Server CLOSE_WAIT too many requests

Last week, because of the unavailability of calling a certain service, a large number of CLOSE_WAIT tcp links appeared on the server, which led to tomcat's suspended animation. A large number of tcp requests have been stuck, and other requests have come in and tomcat can no longer provide services. The
first encounter In this situation, I checked the information of this CLOSE_WAIT and found that CLOSE_WAIT is actually a state of tcp. Let's first look at the picture to understand the various states of tcp.

Status:
CLOSED: There is no connection status, it is the start and end of the tcp status (the server does nothing at this time)
LISTEN: Listen for connection requests from a remote TCP port
SYN_SENT: The status of the first request received by the client Send to the server, enter SYN_RECEIVED after success, and directly CLOSED if it fails.
SYN_RECEIVED: After receiving and sending a connection request, wait for the other party to confirm the connection request.
ESTABLISHED: The three-way handshake is completed, and an open connection has been resumed. Data sent
FIN_WAIT_1: Waiting for the remote TCP connection interruption request, or confirmation of the previous connection interruption request
FIN_WAIT_2: After receiving the remote ACK confirmation, waiting for the connection interruption request
CLOSE_WAIT: Waiting for the connection interruption request sent from the local user
CLOSING: Waiting for the remote TCP's confirmation of the connection interruption
LAST_ACK: Waiting for the confirmation of the original connection interruption request sent to the remote TCP
TIME_WAIT: Waiting for enough time to ensure that the remote TCP receives the confirmation of the connection interruption request

Compare the status changes of the client and server to understand and digest

problem analysis:

After reading the various state change processes of tcp above, you should have a general understanding. Show us the status of tcp requests on the server, you can use the command

netstat -n | awk '/^tcp/ {++S[$NF]} END {for(a in S) print a, S[a]}'

At that time, it was detected that CLOSE_WAIT was about 1000, and this and the number of maxConnTotal set by httpClient are not much to check.

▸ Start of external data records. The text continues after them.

(* Let $M\geq 1$ and let $r$ be a DSIC mechanism in the bilateral cooperation model described in the context, with competitive ratio $\alpha$. For $d\in\{1,\dots,M\}$ let $B^d$ be the set of vectors $b\in\mathbb{R}^M$ with $b_i=1$ for $i\in\{1,\dots,d\}$ and $b_i\leq 0$ for $i\in\{d+1,\dots,M\}$. For $\varepsilon\in(0,1)$ let $s^\varepsilon\in\mathbb{R}^M$ be given by $s^\varepsilon_i=\varepsilon^{M-i}$. Then for every $d\in\{1,\dots,M\}$, every $b\in B^d$ and every $\varepsilon\in(0,1)$: $$\sum_{i=1}^d r_i(b,s^\varepsilon)\ \geq\ d\cdot(\alpha-2\varepsilon).$$
   Context: Bilateral cooperation model: there are two agents, a buyer and a seller, and options $0,1,\dots,M$. A buyer utility vector is $b=(b_1,\dots,b_M)\in\mathbb{R}^M$ and a seller utility vector is $s=(s_1,\dots,s_M)\in\mathbb{R}^M$ (entries may be positive, zero or negative); by convention $b_0=s_0=0$. Define $\mathrm{Feasible}(b,s)=\{i\in\{0,\dots,M\}: b_i\geq 0 \text{ and } s_i\geq 0\}$ and $OPT(b,s)=\max_{i\in \mathrm{Feasible}(b,s)}(b_i+s_i)$. A mechanism is a function $r$ mapping each pair of reported vectors $(b',s')$ to a probability vector $(r_0(b',s'),\dots,r_M(b',s'))$. The mechanism $r$ is DSIC if for all $b,b',s,s'\in\mathbb{R}^M$: $\sum_{i=1}^M r_i(b,s')\,b_i\geq \sum_{i=1}^M r_i(b',s')\,b_i$ and $\sum_{i=1}^M r_i(b',s)\,s_i\geq \sum_{i=1}^M r_i(b',s')\,s_i$. The gain at true vectors $(b,s)$ is $G_r(b,s)=\sum_{i=1}^M r_i(b,s)(b_i+s_i)$, and the competitive ratio is $C_r=\min_{b,s} G_r(b,s)/OPT(b,s)$; ''competitive ratio $\alpha$'' means $C_r=\alpha$. *)

From HB Require Import structures.
From mathcomp Require Import all_boot all_order all_algebra.
From mathcomp Require Import reals.
Set Implicit Arguments. Unset Strict Implicit. Unset Printing Implicit Defensive.
Import Order.TTheory GRing.Theory Num.Theory.
Local Open Scope ring_scope.

Section Bilateral.
Variables (R : realType) (M : nat).

(* A utility vector (b_1,...,b_M); entry b_i is stored at ordinal i-1. *)
Definition uvec := 'I_M -> R.

(* Options 0..M are the ordinals of 'I_M.+1; ext b i = b_i with b_0 = 0. *)
Definition ext (b : uvec) (i : 'I_M.+1) : R :=
  match unlift ord0 i with None => 0 | Some j => b j end.

Definition mechanism := uvec -> uvec -> 'I_M.+1 -> R.

Definition is_prob_vec (p : 'I_M.+1 -> R) : Prop :=
  (forall i, 0 <= p i) /\ \sum_(i < M.+1) p i = 1.

Definition is_mechanism (r : mechanism) : Prop :=
  forall b s, is_prob_vec (r b s).

(* sum_{i=1}^M p_i v_i  (the i = 0 term is 0 since v_0 = 0) *)
Definition expected (p : 'I_M.+1 -> R) (v : uvec) : R :=
  \sum_(i < M.+1) p i * ext v i.

Definition DSIC (r : mechanism) : Prop :=
  forall b b' s s' : uvec,
    expected (r b' s') b <= expected (r b s') b /\
    expected (r b' s') s <= expected (r b' s) s.

Definition gain (r : mechanism) (b s : uvec) : R :=
  \sum_(i < M.+1) r b s i * (ext b i + ext s i).

Definition feasible (b s : uvec) (i : 'I_M.+1) : bool :=
  (0 <= ext b i) && (0 <= ext s i).

(* max over feasible options of b_i + s_i; option 0 is always feasible with
   value 0 and all feasible values are >= 0, so 0 is a correct neutral. *)
Definition OPT (b s : uvec) : R :=
  \big[Num.max/0]_(i < M.+1 | feasible b s i) (ext b i + ext s i).

(* C_r = alpha: alpha is the infimum of G_r(b,s)/OPT(b,s) over all (b,s)
   for which the ratio is defined (OPT(b,s) > 0). *)
Definition competitive_ratio (r : mechanism) (alpha : R) : Prop :=
  (forall b s, 0 < OPT b s -> alpha <= gain r b s / OPT b s) /\
  (forall e, 0 < e -> exists b s, 0 < OPT b s /\ gain r b s / OPT b s < alpha + e).

(* s^eps_i = eps^(M-i); ordinal j stands for i = j+1. *)
Definition s_eps (eps : R) : uvec := fun j => eps ^+ (M - j.+1).

Definition in_Bd (d : nat) (b : uvec) : Prop :=
  (forall j : 'I_M, (j.+1 <= d)%N -> b j = 1) /\
  (forall j : 'I_M, (d < j.+1)%N -> b j <= 0).

End Bilateral.

(** Climb a staircase of buyer reports, from a report with nonpositive values up to
    one dominated by b, raising the values of options 1, ..., d to 1 one at a time
    while the later options carry a large penalty.  By DSIC each step increases the
    buyer's utility by at least the probability of the raised option, and against
    the steep seller s^eps the competitive ratio forces that probability up to
    alpha - 2 eps.  The bottom of the staircase has nonnegative utility, and the
    utility of b is at most the probability of options 1, ..., d. *)

From HB Require Import structures.
From mathcomp Require Import all_boot all_order all_algebra.
From mathcomp Require Import reals.
From mathcomp Require Import lra zify.
Set Implicit Arguments. Unset Strict Implicit. Unset Printing Implicit Defensive.
Import Order.TTheory GRing.Theory Num.Theory.
Local Open Scope ring_scope.

Section Bilateral.
Variables (R : realType) (M : nat).
Implicit Types (b c s v w : uvec R M) (p : 'I_M.+1 -> R).

Lemma ext_lift v k : ext v (lift ord0 k) = v k.
Proof. by rewrite /ext liftK. Qed.

Lemma ext_ord0 v : ext v ord0 = 0.
Proof. by rewrite /ext unlift_none. Qed.

Lemma expectedE p v : expected p v = \sum_(k < M) p (lift ord0 k) * v k.
Proof.
rewrite /expected big_ord_recl ext_ord0 mulr0 add0r.
by apply: eq_bigr => k _; rewrite ext_lift.
Qed.

Lemma gainE (r : mechanism R M) b s :
  gain r b s = \sum_(k < M) r b s (lift ord0 k) * (b k + s k).
Proof.
rewrite /gain big_ord_recl !ext_ord0 addr0 mulr0 add0r.
by apply: eq_bigr => k _; rewrite !ext_lift.
Qed.

Lemma le_OPT b s k : 0 <= b k -> 0 <= s k -> b k + s k <= OPT b s.
Proof.
move=> b_ge0 s_ge0; rewrite -!ext_lift.
by apply: le_bigmax_cond; rewrite /feasible !ext_lift b_ge0 s_ge0.
Qed.

Lemma ler_expected p v v' :
  (forall i, 0 <= p i) -> (forall k, v k <= v' k) -> expected p v <= expected p v'.
Proof.
by move=> p_ge0 le_vv'; rewrite !expectedE; apply: ler_sum => k _; rewrite ler_wpM2l.
Qed.

Lemma sum_options_lift p (d : nat) :
  \sum_(i < M.+1 | (0 < i <= d)%N) p i = \sum_(k < M | (k < d)%N) p (lift ord0 k).
Proof. by rewrite big_mkcond big_ord_recl /= add0r [RHS]big_mkcond. Qed.

Lemma expected_Bd_le p (d : nat) b : (forall i, 0 <= p i) -> in_Bd d b ->
  expected p b <= \sum_(k < M | (k < d)%N) p (lift ord0 k).
Proof.
move=> p_ge0 [b_one b_le0]; rewrite expectedE [X in _ <= X]big_mkcond /=.
apply: ler_sum => k _; case: ltnP => hk; first by rewrite b_one ?mulr1.
by rewrite mulr_ge0_le0 ?b_le0.
Qed.

Lemma in_Bd_le1 (d : nat) b k : in_Bd d b -> b k <= 1.
Proof.
case=> b_one b_le0; case: (ltnP d k.+1) => [/b_le0 b_k_le0|/b_one -> //].
exact: le_trans b_k_le0 ler01.
Qed.

Section UnitEps.
Variable eps : R.
Hypotheses (eps_gt0 : 0 < eps) (eps_le1 : eps <= 1).

Lemma s_eps_gt0 k : 0 < @s_eps R M eps k.
Proof. exact: exprn_gt0. Qed.

Lemma s_eps_le1 k : @s_eps R M eps k <= 1.
Proof. exact/exprn_ile1/eps_le1/ltW. Qed.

TCP request closure includes active closure and passive closure. When the server receives the interrupted seq and ack, it is in the CLOSE_WAIT state,
and it should be immediately sent ack. But in CLOSE_WAIT means that the server did not send ack to the client (in fact, here In fact, it is the remote server). This situation may be caused by the
server being busy processing data or other operations, resulting in not issuing the ack command.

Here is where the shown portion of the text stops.